University of York, UK
I'm here for the second annual conference on Randomised Controlled Trials in the Social Sciences. At this time of the year delegates outnumber students and many are here for a British Association for the Advancement of Science meeting, bringing science to the people. I presented at one of their sessions 20 years ago. Can't quite remember what on, but I do recall a co-presenter stripping off to reveal a T-shirt that said 'Stage not Age' (to remind listeners that stage of life was more important than chronological age). An early experiment in dissemination.
The RCT meeting is in two parts. Economists and educationalist today; more general discussion tomorrow. The first-day highlight is a paper by Paul Dolan, Professor of Economics at Tanaka Business School, Imperial College London. Dolan's work challenges economics orthdoxy.
In economics, preference satisfaction - should I buy tea or coffee – is used to understand behavior in public and private sectors. But what about the consumer's experience - what was the tea or coffee like? And what about their well-being - do they think the tea or coffee does them any good?

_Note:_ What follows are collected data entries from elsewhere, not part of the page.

(* In the parallel model with $P$ processors and a 2D layout (each processor has local memory of size $M=O(n^2/P)$), any classical Cholesky decomposition algorithm for $n{\times}n$ matrices has bandwidth cost $\Omega(n^2/P^{1/2})$ and latency cost $\Omega(P^{1/2})$.
   Context: The Cholesky decomposition of a real symmetric positive definite matrix $A$ is $A = LL^T$ with $L$ lower triangular; its entries satisfy $L(i,i)=\sqrt{A(i,i)-\sum_{k=1}^{i-1}L(i,k)^2}$ and $L(i,j)=\frac{1}{L(j,j)}\big(A(i,j)-\sum_{k=1}^{j-1}L(i,k)L(j,k)\big)$ for $i>j$. A ''classical'' Cholesky algorithm performs exactly these arithmetic operations, possibly reordered using only associativity and commutativity of addition (no pivoting, no distributivity). Parallel model: $P$ processors connected by a network, each with a local memory of $M$ words; the matrix is initially evenly distributed among the processors with only $O(1)$ copies stored overall (''2D layout'', $M=O(n^2/P)$). A message between two processors contains at most $M$ words. Bandwidth cost is the number of words sent or received and latency cost is the number of messages, both counted along the critical path of the algorithm (i.e., the lower bounds state that some processor must send or receive that many words/messages). *)

From mathcomp Require Import all_boot.
From Stdlib Require List.

Set Implicit Arguments.
Unset Strict Implicit.
Unset Printing Implicit Defensive.

(* Symbolic model of a classical Cholesky computation on an n x n SPD matrix *)
(* A (indices in 'I_n).  The "words" a processor can hold are:              *)
(*   Lv i j        : the entry L(i,j)  (j <= i)                             *)
(*   Ps i j a S    : the partial sum  [a] A(i,j) - sum_{k in S} L(i,k)L(j,k) *)
(*                   (j <= i, S a subset of {k | k < j}; [a] says whether  *)
(*                   the term A(i,j) is included).                          *)
(* Special cases: Ps i j true set0  = the input entry A(i,j);               *)
(*                Ps i j false [set k] = the product L(i,k) L(j,k).        *)
Inductive item (n : nat) : Type :=
| Lv of 'I_n & 'I_n
| Ps of 'I_n & 'I_n & bool & {set 'I_n}.

Definition below (n : nat) (j : 'I_n) : {set 'I_n} := [set k : 'I_n | k < j].

(* [produces m x]: x can be obtained by ONE arithmetic operation of the     *)
(* classical Cholesky algorithm from operands present in local memory m:   *)
(* a multiplication L(i,k)*L(j,k); an addition of two partial sums of the   *)
(* same entry with disjoint sets of terms (any association/commutation);   *)
(* the square root giving L(i,i); the division giving L(i,j), j < i.       *)
Definition produces (n : nat) (m : seq (item n)) (x : item n) : Prop :=
  match x with
  | Lv i j =>
      (i = j /\ List.In (Ps i i true (below i)) m)
      \/ (j < i /\ List.In (Ps i j true (below j)) m /\ List.In (Lv j j) m)
  | Ps i j a T =>
      j <= i /\
      ((a = false /\ exists k : 'I_n,
           k < j /\ T = [set k] /\ List.In (Lv i k) m /\ List.In (Lv j k) m)
       \/ (exists (a1 : bool) (S1 : {set 'I_n}) (a2 : bool) (S2 : {set 'I_n}),
             List.In (Ps i j a1 S1) m /\ List.In (Ps i j a2 S2) m /\
             ~~ (a1 && a2) /\ [disjoint S1 & S2] /\
             a = a1 || a2 /\ T = S1 :|: S2))
  end.

(* Events of a parallel execution (serialized):                            *)
(*   Comp p x     : processor p performs one arithmetic operation giving x  *)
(*   Keep p m     : processor p discards words, keeping only m             *)
(*   Msg p q xs   : p sends the message xs (a list of words) to q          *)
Inductive event (n P : nat) : Type :=
| Comp of 'I_P & item n
| Keep of 'I_P & seq (item n)
| Msg of 'I_P & 'I_P & seq (item n).

Definition state (n P : nat) := 'I_P -> seq (item n).

Definition fits (n P M : nat) (s : state n P) : Prop := forall p, size (s p) <= M.

Definition step (n P M : nat) (s : state n P) (e : event n P) (s' : state n P)
  : Prop :=
  fits M s' /\
  match e with
  | Comp p x => produces (s p) x /\ s' p = x :: s p /\
                (forall r, r != p -> s' r = s r)
  | Keep p m => (forall y, List.In y m -> List.In y (s p)) /\ s' p = m /\
                (forall r, r != p -> s' r = s r)
  | Msg p q xs => p != q /\ size xs <= M /\
                  (forall y, List.In y xs -> List.In y (s p)) /\
                  s' q = xs ++ s q /\ (forall r, r != q -> s' r = s r)
  end.

(* a run: the successive events with the state after each one *)
Fixpoint valid_run (n P M : nat) (s : state n P)
    (run : seq (event n P * state n P)) : Prop :=
  match run with
  | [::] => True
  | (e, s') :: rest => step M s e s' /\ valid_run M s' rest
  end.

Definition comp_item (n P : nat) (e : event n P) : option (item n) :=
  match e with Comp _ x => Some x | _ => None end.

Definition computed (n P : nat) (run : seq (event n P * state n P)) :=
  pmap (@comp_item n P) (map fst run).

Definition words_of (n P : nat) (p : 'I_P) (e : event n P) : nat :=
  match e with
  | Msg a b xs => if (a == p) || (b == p) then size xs else 0
  | _ => 0
  end.

Definition msgs_of (n P : nat) (p : 'I_P) (e : event n P) : nat :=
  match e with
  | Msg a b _ => if (a == p) || (b == p) then 1 else 0
  | _ => 0
  end.

Definition bandwidth (n P : nat) (p : 'I_P) (run : seq (event n P * state n P)) :=
  sumn [seq words_of p ep.1 | ep <- run].

Definition latency (n P : nat) (p : 'I_P) (run : seq (event n P * state n P)) :=
  sumn [seq msgs_of p ep.1 | ep <- run].

(* 2D layout with constant C: M = O(n^2/P) (namely M * P <= C * n^2), each  *)
(* processor initially holds at most M words (so at most C n^2 / P entries, *)
(* i.e. an even distribution, and at most C n^2 = O(1) copies overall),    *)
(* the initial memories contain only entries of A (lower triangle, A being *)
(* symmetric), and every entry of A is stored somewhere.                   *)
Definition layout_2D (C n P M : nat) (init : state n P) : Prop :=
  M * P <= C * n ^ 2 /\ fits M init /\
  (forall p x, List.In x (init p) ->
      exists i j : 'I_n, j <= i /\ x = Ps i j true set0) /\
  (forall i j : 'I_n, j <= i -> exists p, List.In (Ps i j true set0) (init p)).

(* a classical Cholesky algorithm execution from the initial layout: a      *)
(* valid run that performs every operation at most once (exactly the       *)
(* classical operations, no recomputation) and computes every L(i,j).      *)
Definition classical_cholesky_run (n P M : nat) (init : state n P)
    (run : seq (event n P * state n P)) : Prop :=
  valid_run M init run /\ List.NoDup (computed run) /\
  (forall i j : 'I_n, j <= i -> List.In (Lv i j) (computed run)).

(* Fix a processor p and cut its run into segments in each of which p sends or
   receives about M words. A product L(i,k)L(j,k) computed by p in a segment is a
   triangle (i,j,k) over the entries that p holds at either end of the segment or
   communicates during it: the operands L(i,k), L(j,k) must have reached p, and
   the product term stays in partial sums of (i,j) until L(i,j) is computed from a
   word involving A(i,j), which also had to reach p. These are O(M) entries, so a
   Loomis-Whitney count bounds the products per segment by O(M^{3/2}), and by
   O(sqrt M (M + W)) over a run in which p communicates W words. Some processor
   computes (n/3)^3/P of the products feeding the lower-left block of L; with
   M P = O(n^2) this forces W = Omega(n^2/sqrt P), and since a message carries at
   most M words, Omega(sqrt P) messages. *)

From HB Require Import structures.
From mathcomp Require Import all_boot zify ring.
From Stdlib Require List PeanoNat.

Set Implicit Arguments.
Unset Strict Implicit.
Unset Printing Implicit Defensive.

Section ItemEqType.
Variable n : nat.

Definition item_eqb (x y : item n) : bool :=
  match x, y with
  | Lv i j, Lv i' j' => (i == i') && (j == j')
  | Ps i j a T, Ps i' j' a' T' => [&& i == i', j == j', a == a' & T == T']
  | _, _ => false
  end.

Lemma item_eqP : Equality.axiom item_eqb.
Proof.
case=> [i j|i j a T] [i' j'|i' j' a' T'] /=; try by constructor.
- by apply: (iffP andP) => [[/eqP-> /eqP->]|[-> ->]].
- by apply: (iffP and4P) => [[/eqP-> /eqP-> /eqP-> /eqP->]|[-> -> -> ->]].
Qed.

HB.instance Definition _ := hasDecEq.Build (item n) item_eqP.
End ItemEqType.

Lemma InP (T : eqType) (x : T) (s : seq T) : reflect (List.In x s) (x \in s).
Proof.
elim: s => [|y s IH] /=; first by constructor.
rewrite inE; apply: (iffP orP) => [[/eqP->|/IH]|[->|/IH]]; by [left|right].
Qed.

Lemma NoDup_uniq (T : eqType) (s : seq T) : List.NoDup s -> uniq s.
Proof.
elim: s => [|x s IH] //= /List.NoDup_cons_iff [xs /IH ->].
by rewrite andbT; apply/negP => /InP.
Qed.

Section PmapIndex.
Variables (T : Type) (U : eqType) (f : T -> option U) (d : T).

Lemma mem_pmap_nth s u :
  u \in pmap f s -> exists2 t, t < size s & f (nth d s t) = Some u.
Proof.
elim: s => [|y s IH] //=; case Ey: (f y) => [z|] /=.
- rewrite inE => /orP [/eqP ->|/IH [t Ht Et]]; first by exists 0.
  by exists t.+1.
- by case/IH=> t Ht Et; exists t.+1.
Qed.

Lemma nth_mem_pmap s t u : t < size s -> f (nth d s t) = Some u -> u \in pmap f s.
Proof.
elim: s t => [|y s IH] // [|t] /=; first by move=> _ ->; rewrite mem_head.
by rewrite ltnS => Ht /(IH _ Ht); case: (f y) => //= z; rewrite inE orbC => ->.
Qed.

Lemma uniq_pmap_nth s t1 t2 u : uniq (pmap f s) -> t1 < size s -> t2 < size s ->
  f (nth d s t1) = Some u -> f (nth d s t2) = Some u -> t1 = t2.
Proof.
elim: s t1 t2 => [|y s IH] // t1 t2 Uys.
have Us : uniq (pmap f s) by move: Uys => /=; case: (f y) => //= z /andP [].
case: t1 t2 => [|t1] [|t2] //=; rewrite ?ltnS.
- by move=> _ Ht2 E1 /(nth_mem_pmap Ht2) ut; move: Uys; rewrite /= E1 /= ut.
- by move=> Ht1 _ /(nth_mem_pmap Ht1) ut E2; move: Uys; rewrite /= E2 /= ut.
- by move=> Ht1 Ht2 E1 E2; congr S; apply: IH E1 E2.
Qed.
End PmapIndex.

Definition entry (n : nat) (x : item n) : 'I_n * 'I_n :=
  match x with Lv i j | Ps i j _ _ => (i, j) end.
Arguments entry {n}.

(* Words whose value depends on the input A(i,j) of their entry: L(i,j) and
   the partial sums that include A(i,j). *)
Definition involves_input (n : nat) (x : item n) : bool :=
  if x is Ps _ _ a _ then a else true.

(* Partial sums without A(i,j) have at least one product term, so such a sum
   with a single term can only come from the multiplication itself. *)
Definition wf_item (n : nat) (x : item n) : bool :=
  if x is Ps _ _ false T then T != set0 else true.
Arguments wf_item {n}.

Definition is_product (n P : nat) (e : event n P) (q : 'I_P) (i j k : 'I_n) :=
  if e is Comp r x then (r == q) && (x == Ps i j false [set k]) else false.

Lemma is_productP (n P : nat) (e : event n P) q i j k :
  reflect (e = Comp q (Ps i j false [set k])) (is_product e q i j k).
Proof.
case: e => [r x|r m|r r' xs] /=; try by constructor.
by apply: (iffP andP) => [[/eqP-> /eqP->]|[-> ->]].
Qed.

Section Steps.
Variables (n P M : nat).
Implicit Types (s : state n P) (e : event n P) (q r : 'I_P) (i j k : 'I_n).

Definition holds_term s q i j k :=
  exists a (T : {set 'I_n}), k \in T /\ Ps i j a T \in s q.

Lemma step_holds_term s e s' q i j k : step M s e s' -> holds_term s' q i j k ->
  [\/ holds_term s q i j k, e = Comp q (Ps i j false [set k])
    | exists r xs, [/\ e = Msg r q xs,
        exists a (T : {set 'I_n}), k \in T /\ Ps i j a T \in xs
      & holds_term s r i j k]].
Proof.
move=> [_ He] [a [T [kT inq]]].
case: e He => [r x|r m|r1 r2 xs].
- move=> [Hp [Hr Ho]]; have [Eq|Nq] := eqVneq q r; last first.
    by apply: Or31; exists a, T; rewrite -Ho.
  subst r; move: inq; rewrite Hr inE => /orP [/eqP Ex|inq].
    2: by apply: Or31; exists a, T.
  subst x; case: Hp => _ [[Ea [k' [_ [ET _]]]]|].
    by apply: Or32; move: kT; rewrite Ea ET inE => /eqP->.
  move=> [a1 [S1 [a2 [S2 [H1 [H2 [_ [_ [_ ET]]]]]]]]].
  apply: Or31; move: kT; rewrite ET inE => /orP [kS|kS].
  + by exists a1, S1; split => //; apply/InP.
  + by exists a2, S2; split => //; apply/InP.
- move=> [Hm [Hr Ho]]; apply: Or31; exists a, T; split => //.
  have [Eq|Nq] := eqVneq q r; last by rewrite -Ho.
  by subst r; apply/InP/Hm/InP; rewrite -Hr.
- move=> [_ [_ [Hxs [Hr2 Ho]]]]; have [Eq|Nq] := eqVneq q r2; last first.
    by apply: Or31; exists a, T; rewrite -Ho.
  subst r2; move: inq; rewrite Hr2 mem_cat => /orP [inx|inq]; last first.
    by apply: Or31; exists a, T.
  apply: Or33; exists r1, xs; split => //; first by exists a, T.
  by exists a, T; split => //; apply/InP/Hxs/InP.
Qed.

Lemma step_wf s e s' : step M s e s' ->
  (forall q, all wf_item (s q)) -> forall q, all wf_item (s' q).
Proof.
move=> [_ He] G q; case: e He => [r x|r m|r1 r2 xs].
- move=> [Hp [Hr Ho]]; have [Eq|Nq] := eqVneq q r; last by rewrite Ho.
  subst r; rewrite Hr /= G andbT.
  case: x Hp {Hr Ho} => // i j [] T //= [_ [[_ [k [_ [ET _]]]]|]].
    by rewrite ET; apply/set0Pn; exists k; rewrite inE.
  move=> [a1 [S1 [a2 [S2 [H1 [H2 [_ [_ [Ea ET]]]]]]]]].
  move: Ea; case: a1 H1 => //; case: a2 H2 => // H2 H1 _.
  have /set0Pn [k kS] := allP (G q) _ (introT (InP _ _) H1).
  by rewrite ET; apply/set0Pn; exists k; rewrite inE kS.
- move=> [Hm [Hr Ho]]; have [Eq|Nq] := eqVneq q r; last by rewrite Ho.
  by subst r; rewrite Hr; apply/allP => x /InP /Hm /InP; apply: (allP (G q)).
- move=> [_ [_ [Hxs [Hr2 Ho]]]]; have [Eq|Nq] := eqVneq q r2; last by rewrite Ho.
  subst r2; rewrite Hr2 all_cat G andbT.
  by apply/allP => x /InP /Hxs /InP; apply: (allP (G r1)).
Qed.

Much evidence used in health is based on assessments of preference. Researchers ask people what they would do if they got sick. But how we imagine future illness does not bear much resemblance to our perceptions if we actually are sick. We imagine physical ill-health to be much worse than it is. And we generally imagine mental ill-health to be less debilitating than it is.
Preferences do not take into account our ability to adapt. People imagine becoming paraplegic, not being paraplegic. The problem works both ways. Paraplegics imagine what life was like before losing the use of their limbs, not what it was actually like.
As Daniel Kahnemann puts it: nothing in life is as important as you think it is when you are thinking about it. And future preferences are about a moment in time. The subjective experience of those who are ill, changes over time.
There is no easy solution to this problem. One answer might be to stop asking people who are well about how they imagine they would behave if they were ill, and to start asking those who are ill about how happy they are, taking into account their actual well-being over time. The better, harder way is too complex to report here, but is evident in Dolan's work.
I keep muttering to myself about the lack of connection between economists – who know lots about decision making but hardly anything about well-being, and child development researchers -who know lots about well-being but hardly anything about the decision-making that influences well-being. Dolan is in the middle ground.
He's the ideal candidate for marriage to a child development researcher interested in preference. But as he would point out, in reality people are happier in the year before the wedding when they're imagining what marriage will be like than they are when they're actually married.